There was a time in my life when I thought God had sent the man I was destined to marry. He was in the military and had many plans for his life. He knew I was a Christian, but that did not bother him. It did not bother me either until the day he questioned me about our relationship.
"Why can't we at least kiss? You ain't gonna go to hell for that." He sounded hurt. He wanted a valid reason or excuse from me.
"I don't want you to think lustful thoughts of me, that's all," I replied softly. I was not comfortable discussing this subject with him.
"Lustful thoughts!" he cried. "It's just a kiss. We ain't got to lay in bed naked or nothing."
Well, he never got his kiss, and I never got my husband. But the main thing I wanted in life was a child, a little girl I would name Asaiah.
At night I would dream about a baby girl with brown, curly hair, and big beautiful light brown eyes. She had two dimples in her smile. But I don't think I was dreaming about the baby I would conceive. Although I want to have a baby of my own, I don't think I will be able to because I am so skinny-only one hundred and ten pounds on a tall frame. I try to gain weight, but my problem seems to be genetic.
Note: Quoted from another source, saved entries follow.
(* Let $G=(V,E)$ be a finite, undirected, connected graph with unit edge weights and vertex set $V=\{v_1,\dots,v_N\}$, and let $L=D-A$ be its graph Laplacian. Let $\phi_{\lambda_1},\dots,\phi_{\lambda_N}$ be an orthonormal basis of $\mathbb{C}^N$ consisting of eigenvectors of $L$. For $t\ge 0$ let $H_t=e^{-tL}$, let $D_i(t)=\operatorname{diag}(H_t(\cdot,v_i))$, and let $\psi_{ij}(t)=D_i(t)\phi_{\lambda_j}$ for $i,j\in\{1,\dots,N\}$. Then for every $t\ge 0$ the family $\{\psi_{ij}(t)\}_{i,j=1}^N$ is a frame for $\mathbb{C}^N$, and its frame operator $S(t)=\sum_{i,j=1}^N \psi_{ij}(t)\psi_{ij}(t)^*$ is the diagonal matrix $$S(t)=\sum_{i=1}^N D_i(t)^2.$$
   Context: The graph Laplacian acts by $Lf(v)=\sum_{u\sim v}(f(v)-f(u))$; in matrix form $L=D-A$ with $A$ the adjacency matrix and $D$ the diagonal degree matrix. $\mathbb{C}^N$ is identified with functions on $V$ with the inner product $\langle f,g\rangle=\sum_{v\in V}f(v)\overline{g(v)}$. $H_t(\cdot,v_i)$ denotes the $i$-th column of $H_t$, and $\operatorname{diag}(x)$ is the diagonal matrix with diagonal entries $x$. A family $\{\psi_k\}$ is a frame for $\mathbb{C}^N$ if there exist $0<A\le B$ with $A\|f\|^2\le\sum_k|\langle f,\psi_k\rangle|^2\le B\|f\|^2$ for all $f\in\mathbb{C}^N$. *)

From HB Require Import structures.
From mathcomp Require Import all_boot all_order all_algebra.
From mathcomp Require Import all_classical all_reals all_analysis.
From mathcomp Require Import complex.
Set Implicit Arguments. Unset Strict Implicit. Unset Printing Implicit Defensive.
Import Order.TTheory GRing.Theory Num.Theory numFieldNormedType.Exports.
Local Open Scope ring_scope.

Definition simple_graph (N : nat) (adj : rel 'I_N) : Prop :=
  (forall u, ~~ adj u u) /\ (forall u v, adj u v = adj v u).

Definition connected_graph (N : nat) (adj : rel 'I_N) : Prop :=
  forall u v, connect adj u v.

Definition laplacian (R : pzRingType) (N : nat) (adj : rel 'I_N) : 'M[R]_N :=
  \matrix_(u, v) ((if u == v then #|[set w | adj u w]|%:R else 0)
                  - (adj u v)%:R).

Definition mx_exp (R : realType) (N : nat) (M : 'M[R]_N) : 'M[R]_N :=
  \matrix_(i, j) limn (fun n : nat =>
      (\sum_(k < n) (k`!%:R)^-1 *: (M ^+ k)) i j).

Definition heat_kernel (R : realType) (N : nat) (adj : rel 'I_N) (t : R)
  : 'M[R]_N := mx_exp (- t *: laplacian R adj).

Definition rc (R : rcfType) (x : R) : R[i] := (x%:C)%C.

Definition cinner (R : rcfType) (N : nat) (f g : 'cV[R[i]]_N) : R[i] :=
  \sum_(v < N) f v 0 * (g v 0)^*.

Definition Dmat (R : realType) (N : nat) (adj : rel 'I_N) (t : R) (i : 'I_N)
  : 'M[R[i]]_N :=
  diag_mx (\row_v (rc (heat_kernel adj t v i))).

Definition psi (R : realType) (N : nat) (adj : rel 'I_N)
  (phi : 'I_N -> 'cV[R[i]]_N) (t : R) (i j : 'I_N) : 'cV[R[i]]_N :=
  Dmat adj t i *m phi j.

Definition adjmx (R : rcfType) (m n : nat) (M : 'M[R[i]]_(m, n)) : 'M[R[i]]_(n, m) :=
  (map_mx (fun z => z^*) M)^T.

Definition is_frame (R : rcfType) (N : nat) (I : finType) (F : I -> 'cV[R[i]]_N) : Prop :=
  exists A B : R, 0 < A /\ A <= B /\
    forall f : 'cV[R[i]]_N,
      (rc A * cinner f f <= \sum_(k : I) `|cinner f (F k)| ^+ 2) /\
      (\sum_(k : I) `|cinner f (F k)| ^+ 2 <= rc B * cinner f f).

(* Each D_i(t) is a real diagonal matrix, so by Parseval in the orthonormal
   eigenbasis, sum_{i,j} |<f, psi_ij>|^2 = sum_i |D_i f|^2
   = sum_v s(v) |f(v)|^2 with s(v) = sum_i H_t(v, i)^2; hence min s and max s
   are frame bounds as soon as s > 0.  Positivity comes from the diagonal of
   the heat kernel: L is real symmetric, so its eigenvalues are real and
   H_t(v, v) = sum_j exp(-t lam_j) |phi_j(v)|^2 > 0, the weights |phi_j(v)|^2
   summing to 1.  Finally sum_j phi_j phi_j^* = I turns the frame operator
   sum_{i,j} D_i phi_j (D_i phi_j)^* into sum_i D_i D_i^* = sum_i D_i^2. *)

From HB Require Import structures.
From mathcomp Require Import all_boot all_order all_algebra.
From mathcomp Require Import all_classical all_reals all_analysis.
From mathcomp Require Import complex ring.
Set Implicit Arguments. Unset Strict Implicit. Unset Printing Implicit Defensive.
Import Order.TTheory GRing.Theory Num.Theory numFieldNormedType.Exports.
Local Open Scope ring_scope.

HB.instance Definition _ (R : rcfType) :=
  GRing.RMorphism.copy (@rc R) (real_complex R).

Lemma map_mxXn (R S : pzRingType) (f : {rmorphism R -> S}) n (A : 'M[R]_n) k :
  map_mx f (A ^+ k) = map_mx f A ^+ k.
Proof.
elim: k => [|k IHk]; first by rewrite !expr0 map_mx1.
by rewrite !exprS -!mulmxE map_mxM IHk.
Qed.

Lemma mulmx_eigenXn (R : comPzRingType) n (A : 'M[R]_n) (v : 'cV_n) a k :
  A *m v = a *: v -> A ^+ k *m v = a ^+ k *: v.
Proof.
move=> Av; elim: k => [|k IHk]; first by rewrite !expr0 mul1mx scale1r.
by rewrite exprS -mulmxE -mulmxA IHk -scalemxAr Av scalerA -exprSr.
Qed.

Definition abs2 {R : rcfType} (z : R[i]) : R :=
  complex.Re z ^+ 2 + complex.Im z ^+ 2.

Lemma abs2_ge0 (R : rcfType) (z : R[i]) : 0 <= abs2 z.
Proof. by rewrite addr_ge0 ?sqr_ge0. Qed.

Section Adjoint.
Variable R : rcfType.

Lemma rcI : injective (@rc R).
Proof. exact: complexI. Qed.

Lemma conj_rc (x : R) : (rc x)^* = rc x.
Proof. exact: conjc_real. Qed.

Lemma rc_abs2 (z : R[i]) : rc (abs2 z) = z * z^*.
Proof. by rewrite /rc add_Re2_Im2 normCK. Qed.

Lemma adjmx_mul m n p (A : 'M[R[i]]_(m, n)) (B : 'M[R[i]]_(n, p)) :
  adjmx (A *m B) = adjmx B *m adjmx A.
Proof. by rewrite /adjmx map_mxM trmx_mul. Qed.

Lemma adjmx_real m n (A : 'M[R]_(m, n)) :
  adjmx (map_mx (@rc R) A) = map_mx (@rc R) A^T.
Proof. by apply/matrixP => i j; rewrite !mxE conj_rc. Qed.

Lemma mul_col_adjmxE n (f g : 'cV[R[i]]_n) u w :
  (f *m adjmx g) u w = f u 0 * (g w 0)^*.
Proof. by rewrite !mxE big_ord1 !mxE. Qed.

Lemma cinnerE n (f g : 'cV[R[i]]_n) : cinner f g = (adjmx g *m f) 0 0.
Proof. by rewrite mxE; apply: eq_bigr => v _; rewrite !mxE mulrC. Qed.

Lemma conj_cinner n (f g : 'cV[R[i]]_n) : (cinner f g)^* = cinner g f.
Proof.
rewrite /cinner rmorph_sum; apply: eq_bigr => v _.
by rewrite rmorphM /= conjCK mulrC.
Qed.

Lemma cinner_mulmxr n (A : 'M[R[i]]_n) (f g : 'cV_n) :
  cinner f (A *m g) = cinner (adjmx A *m f) g.
Proof. by rewrite !cinnerE adjmx_mul mulmxA. Qed.

Lemma cinnerZl n (a : R[i]) (f g : 'cV[R[i]]_n) :
  cinner (a *: f) g = a * cinner f g.
Proof. by rewrite /cinner mulr_sumr; apply: eq_bigr => v _; rewrite mxE mulrA. Qed.

Lemma cinnerZr n (a : R[i]) (f g : 'cV[R[i]]_n) :
  cinner f (a *: g) = a^* * cinner f g.
Proof. by rewrite -conj_cinner cinnerZl rmorphM /= conj_cinner. Qed.

End Adjoint.

Lemma is_frame_weighted (R : rcfType) (N : nat) (I : finType)
    (F : I -> 'cV[R[i]]_N) (s : 'I_N -> R) :
  (forall v, 0 < s v) ->
  (forall f, \sum_k `|cinner f (F k)| ^+ 2
             = \sum_v rc (s v) * (f v 0 * (f v 0)^*)) ->
  is_frame F.
Proof.
move=> s_gt0 frame_sum.
(* The seed 1 keeps A <= B also when N = 0. *)
pose A := \big[Order.min/1]_v s v; pose B := \big[Order.max/1]_v s v.
have A_gt0 : 0 < A.
  by apply: (big_rec (fun x => 0 < x)) => // i x _ hx; rewrite lt_min hx s_gt0.
have A_le1 : A <= 1.
  by apply: (big_rec (fun x => x <= 1)) => // i x _ hx; rewrite ge_min hx orbT.
have B_ge1 : 1 <= B.
  by apply: (big_rec (fun x => 1 <= x)) => // i x _ hx; rewrite le_max hx orbT.
have A_le v : A <= s v by rewrite /A (bigD1 v) //= ge_min lexx.
have le_B v : s v <= B by rewrite /B (bigD1 v) //= le_max lexx.
exists A, B; split => //; split; first exact: le_trans A_le1 B_ge1.
move=> f; rewrite frame_sum /cinner !mulr_sumr.
have ff_ge0 v : 0 <= f v 0 * (f v 0)^* by rewrite -normCK exprn_ge0.
by split; apply: ler_sum => v _; rewrite ler_wpM2r // /rc lecR.
Qed.

Section OrthonormalBasis.
Variables (R : rcfType) (N : nat) (phi : 'I_N -> 'cV[R[i]]_N).
Hypothesis phi_orthonormal : forall j k, cinner (phi j) (phi k) = (j == k)%:R.

Lemma sum_outer_orthonormal : \sum_j phi j *m adjmx (phi j) = 1%:M.
Proof.
pose B : 'M[R[i]]_N := \matrix_(u, j) phi j u 0.
have BB : adjmx B *m B = 1%:M.
  apply/matrixP => j k; rewrite !mxE eq_sym -phi_orthonormal /cinner.
  by apply: eq_bigr => v _; rewrite !mxE mulrC.
apply/matrixP => u w; rewrite -(mulmx1C BB) summxE !mxE.
by apply: eq_bigr => j _; rewrite mul_col_adjmxE !mxE.
Qed.

Lemma orthonormal_complete u w :
  \sum_j phi j u 0 * (phi j w 0)^* = (u == w)%:R.
Proof.
by under eq_bigr do rewrite -mul_col_adjmxE; rewrite -summxE sum_outer_orthonormal mxE.
Qed.

Lemma sum_abs2_orthonormal u : \sum_j abs2 (phi j u 0) = 1.
Proof.
apply: rcI; rewrite rmorph_sum rmorph1.
have := orthonormal_complete u u; rewrite eqxx /= mulr1n => <-.
by apply: eq_bigr => j _; exact: rc_abs2.
Qed.

Lemma parseval f : \sum_j `|cinner f (phi j)| ^+ 2 = cinner f f.
Proof.
have outer j : `|cinner f (phi j)| ^+ 2
    = (adjmx f *m (phi j *m adjmx (phi j)) *m f) 0 0.
  rewrite normCK conj_cinner mulrC !cinnerE [in RHS]mulmxA -[in RHS]mulmxA.
  by rewrite [RHS]mxE big_ord1.
under eq_bigr do rewrite outer.
by rewrite -summxE -mulmx_suml -mulmx_sumr sum_outer_orthonormal mulmx1 cinnerE.
Qed.

Lemma parseval_mulmx (A : 'M[R[i]]_N) f :
  \sum_j `|cinner f (A *m phi j)| ^+ 2 = cinner (adjmx A *m f) (adjmx A *m f).
Proof. by under eq_bigr do rewrite cinner_mulmxr; exact: parseval. Qed.

Lemma eigen_decomposition (A : 'M[R[i]]_N) mu :
  (forall j, A *m phi j = mu j *: phi j) ->
  A = \sum_j mu j *: (phi j *m adjmx (phi j)).
Proof.
move=> Aphi; rewrite -[A]mulmx1 -sum_outer_orthonormal mulmx_sumr.
by apply: eq_bigr => j _; rewrite mulmxA Aphi scalemxAl.
Qed.

Lemma frame_operator_orthonormal (A : 'M[R[i]]_N) :
  \sum_j (A *m phi j) *m adjmx (A *m phi j) = A *m adjmx A.
Proof.
under eq_bigr do rewrite adjmx_mul mulmxA -[_ *m adjmx (phi _)]mulmxA.
by rewrite -mulmx_suml -mulmx_sumr sum_outer_orthonormal mulmx1.
Qed.

End OrthonormalBasis.

Section RealSymmetric.
Variables (R : rcfType) (N : nat) (M : 'M[R]_N).
Hypothesis M_sym : M^T = M.

Lemma cinner_symmetric (f g : 'cV[R[i]]_N) :
  cinner (map_mx (@rc R) M *m f) g = cinner f (map_mx (@rc R) M *m g).
Proof. by rewrite cinner_mulmxr adjmx_real M_sym. Qed.

Lemma symmetric_eigenvalue_real (v : 'cV[R[i]]_N) lam :
  cinner v v != 0 -> map_mx (@rc R) M *m v = lam *: v ->
  lam = rc (complex.Re lam).
Proof.
move=> v0 Mv; have lamJ : lam^* = lam.
  by apply: (mulIf v0); rewrite -cinnerZr -Mv -cinner_symmetric Mv cinnerZl.
by rewrite /rc ReJ_add [_^*%C]lamJ; field.
Qed.

Variables (phi : 'I_N -> 'cV[R[i]]_N) (lam : 'I_N -> R[i]).
Hypothesis phi_orthonormal : forall j k, cinner (phi j) (phi k) = (j == k)%:R.
Hypothesis phi_eigen : forall j, map_mx (@rc R) M *m phi j = lam j *: phi j.

Lemma symmetric_mxXn_diag k u :
  (M ^+ k) u u = \sum_j complex.Re (lam j) ^+ k * abs2 (phi j u 0).
Proof.
have phi_eigenXn j : map_mx (@rc R) M ^+ k *m phi j = lam j ^+ k *: phi j.
  exact: mulmx_eigenXn.
have lam_real j : lam j = rc (complex.Re (lam j)).
  by apply: symmetric_eigenvalue_real (phi_eigen j); rewrite phi_orthonormal eqxx oner_neq0.
apply: rcI.
have -> : rc ((M ^+ k) u u) = map_mx (@rc R) (M ^+ k) u u by rewrite mxE.
rewrite map_mxXn.
rewrite (eigen_decomposition phi_orthonormal phi_eigenXn) summxE rmorph_sum.
apply: eq_bigr => j _.
by rewrite mxE mul_col_adjmxE rmorphM rmorphXn /= rc_abs2 -lam_real.
Qed.

End RealSymmetric.

Section SymmetricExponential.
Variables (R : realType) (N : nat) (M : 'M[R]_N).
Variables (phi : 'I_N -> 'cV[R[i]]_N) (lam : 'I_N -> R[i]).
Hypothesis M_sym : M^T = M.
Hypothesis phi_orthonormal : forall j k, cinner (phi j) (phi k) = (j == k)%:R.
Hypothesis phi_eigen : forall j, map_mx (@rc R) M *m phi j = lam j *: phi j.

Lemma symmetric_mx_exp_diag u :
  mx_exp M u u = \sum_j expR (complex.Re (lam j)) * abs2 (phi j u 0).
Proof.
have partial_sum n : (\sum_(k < n) (k`!%:R)^-1 *: M ^+ k) u u
    = \sum_j series (exp_coeff (complex.Re (lam j))) n * abs2 (phi j u 0).
  rewrite summxE; under eq_bigr do
    rewrite mxE (symmetric_mxXn_diag M_sym phi_orthonormal phi_eigen) mulr_sumr.
  rewrite exchange_big /=; apply: eq_bigr => j _.
  rewrite seriesEord mulr_suml; apply: eq_bigr => k _.
  by rewrite exp_coeffE mulrA mulrC mulrA.
rewrite mxE; apply: cvg_lim => //; under eq_fun do rewrite partial_sum.
apply: (cvg_big add_continuous) => // j _; apply: cvgMl.
exact: is_cvg_series_exp_coeff.
Qed.

Lemma symmetric_mx_exp_diag_gt0 u : 0 < mx_exp M u u.
Proof.
have term_ge0 j : 0 <= expR (complex.Re (lam j)) * abs2 (phi j u 0).
  by rewrite mulr_ge0 ?expR_ge0 ?abs2_ge0.
rewrite symmetric_mx_exp_diag lt_def sumr_ge0 ?andbT //.
apply: contra_neq (@oner_neq0 R) => /(psumr_eq0P (fun j _ => term_ge0 j)) term0.
rewrite -(sum_abs2_orthonormal phi_orthonormal u) big1 // => j _.
by move/eqP: (term0 j isT); rewrite mulf_eq0 gt_eqF ?expR_gt0 //= => /eqP.
Qed.

End SymmetricExponential.

Lemma tr_laplacian (R : pzRingType) (N : nat) (adj : rel 'I_N) :
  (forall u v, adj u v = adj v u) -> (laplacian R adj)^T = laplacian R adj.
Proof.
by move=> adjC; apply/matrixP => u v; rewrite !mxE adjC eq_sym; case: eqP => [->|].
Qed.

Lemma heat_kernel_diag_gt0 (R : realType) (N : nat) (adj : rel 'I_N)
    (phi : 'I_N -> 'cV[R[i]]_N) (lam : 'I_N -> R[i]) (t : R) u :
  (forall u v, adj u v = adj v u) ->
  (forall j k, cinner (phi j) (phi k) = (j == k)%:R) ->
  (forall j, map_mx (@rc R) (laplacian R adj) *m phi j = lam j *: phi j) ->
  0 < heat_kernel adj t u u.
Proof.
move=> adjC phi_orthonormal phi_eigen.
apply: (symmetric_mx_exp_diag_gt0 (lam := fun j => rc (- t) * lam j) _ phi_orthonormal).
  by rewrite linearZ /= tr_laplacian.
by move=> j; rewrite map_mxZ -scalemxAl phi_eigen scalerA.
Qed.

Section HeatFrame.
Variables (R : realType) (N : nat) (adj : rel 'I_N) (t : R).

Lemma Dmat_real i :
  Dmat adj t i = map_mx (@rc R) (diag_mx (\row_v heat_kernel adj t v i)).
Proof. by rewrite map_diag_mx; congr diag_mx; apply/rowP => v; rewrite !mxE. Qed.

Lemma adjmx_Dmat i : adjmx (Dmat adj t i) = Dmat adj t i.
Proof. by rewrite Dmat_real adjmx_real tr_diag_mx. Qed.

Variable phi : 'I_N -> 'cV[R[i]]_N.
Hypothesis phi_orthonormal : forall j k, cinner (phi j) (phi k) = (j == k)%:R.

Lemma psi_frame_sum f :
  \sum_(k : 'I_N * 'I_N) `|cinner f (psi adj phi t k.1 k.2)| ^+ 2
  = \sum_v rc (\sum_i heat_kernel adj t v i ^+ 2) * (f v 0 * (f v 0)^*).
Proof.
set H := heat_kernel adj t.
rewrite -(pair_big xpredT xpredT (fun i j => `|cinner f (psi adj phi t i j)| ^+ 2)) /=.
under eq_bigr do rewrite parseval_mulmx // adjmx_Dmat.
rewrite /cinner exchange_big /=; apply: eq_bigr => v _.
rewrite rmorph_sum mulr_suml; apply: eq_bigr => i _.
by rewrite mul_diag_mx !mxE rmorphM /= conj_rc rmorphXn /=; ring.
Qed.

End HeatFrame.

Theorem theorem3p1 (R : realType) (N : nat) (adj : rel 'I_N)
  (Hsimple : simple_graph adj) (Hconn : connected_graph adj)
  (phi : 'I_N -> 'cV[R[i]]_N) (lam : 'I_N -> R[i])
  (Horth : forall j k, cinner (phi j) (phi k) = (j == k)%:R)
  (Heig : forall j, map_mx (@rc R) (laplacian R adj) *m phi j
                    = lam j *: phi j)
  (t : R) (ht : 0 <= t) :
  is_frame (fun ij : 'I_N * 'I_N => psi adj phi t ij.1 ij.2) /\
  \sum_(i < N) \sum_(j < N) psi adj phi t i j *m adjmx (psi adj phi t i j)
    = \sum_(i < N) Dmat adj t i ^+ 2.
Proof.
have [_ adjC] := Hsimple.
split.
  apply: (is_frame_weighted (s := fun v => \sum_i heat_kernel adj t v i ^+ 2)).
    move=> v; rewrite (bigD1 v) //= ltr_wpDr ?sumr_ge0 // => [i _|].
      exact: sqr_ge0.
    by rewrite exprn_gt0 // (heat_kernel_diag_gt0 _ _ adjC Horth Heig).
  exact: psi_frame_sum.
apply: eq_bigr => i _.
by rewrite (frame_operator_orthonormal Horth) adjmx_Dmat expr2 mulmxE.
Qed.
Because I have longed for my own child, but can't seem to realize my dream, I have a job, counseling women who need to learn how to care for their babies. I find deep satisfaction in this job because I get the joyful experience of holding and caring for the babies while talking to their mothers. I also feel I am having a positive impact on their lives, which makes me feel good way down inside.
One afternoon, nearly a year after I saw the homeless girl, I went to the grocery store after work, seeking food with high calories. I don't know why I even try, since my efforts to gain weight are always futile. I walked down the baby food aisle. All of the flavors did not seem real to me. Carrot, pea, peach, banana, apricot, corn, and beef-it's as if the baby could talk and request a certain flavor.
I felt a light tap on my shoulder. "Excuse me, ma'am." I turned around to see a tall, slender girl in a yellow summer dress and a jean hat. She held my pocketbook in her hand. "You dropped this in the diaper aisle."
"Oh, thanks." I wondered if she had looked inside it.
"Do you have any children?" She asked me.
"No, but I work with infants, so I guess this is why I was looking around in this section." I laughed, wondering if she would find this explanation believable. I had the distinct sensation of having seen her somewhere before.
"This is not the first time I've seen you," she said.
Just then I heard a baby crying. The young woman ran to the end of the aisle and got her grocery cart. Her baby was in a carrier, wrapped in a pink blanket.
"She was asleep," she said, when she returned. "She must have just wakened up."
I asked if I could see her baby. As she placed the baby in my arms, I saw her face. She was the exact baby from my dreams. I gasped.
"Are you OK?" the young woman asked.
"Yes, yes," I said. "This baby is so healthy looking. I-just thought I had seen her somewhere before."
"You fed her," the woman said. The expression in her eyes looked as if she wanted to thank me for something.
I looked at her questioningly. I couldn't remember feeding a child in my office. "Were you one of my clients?
"No," the young woman smiled, "But I was pregnant and hungry. You came to me and gave me sandwiches, a banana, a carrot, apple juice and chocolate candy. You saved my daughter and me from hunger. Her name is Asaiah."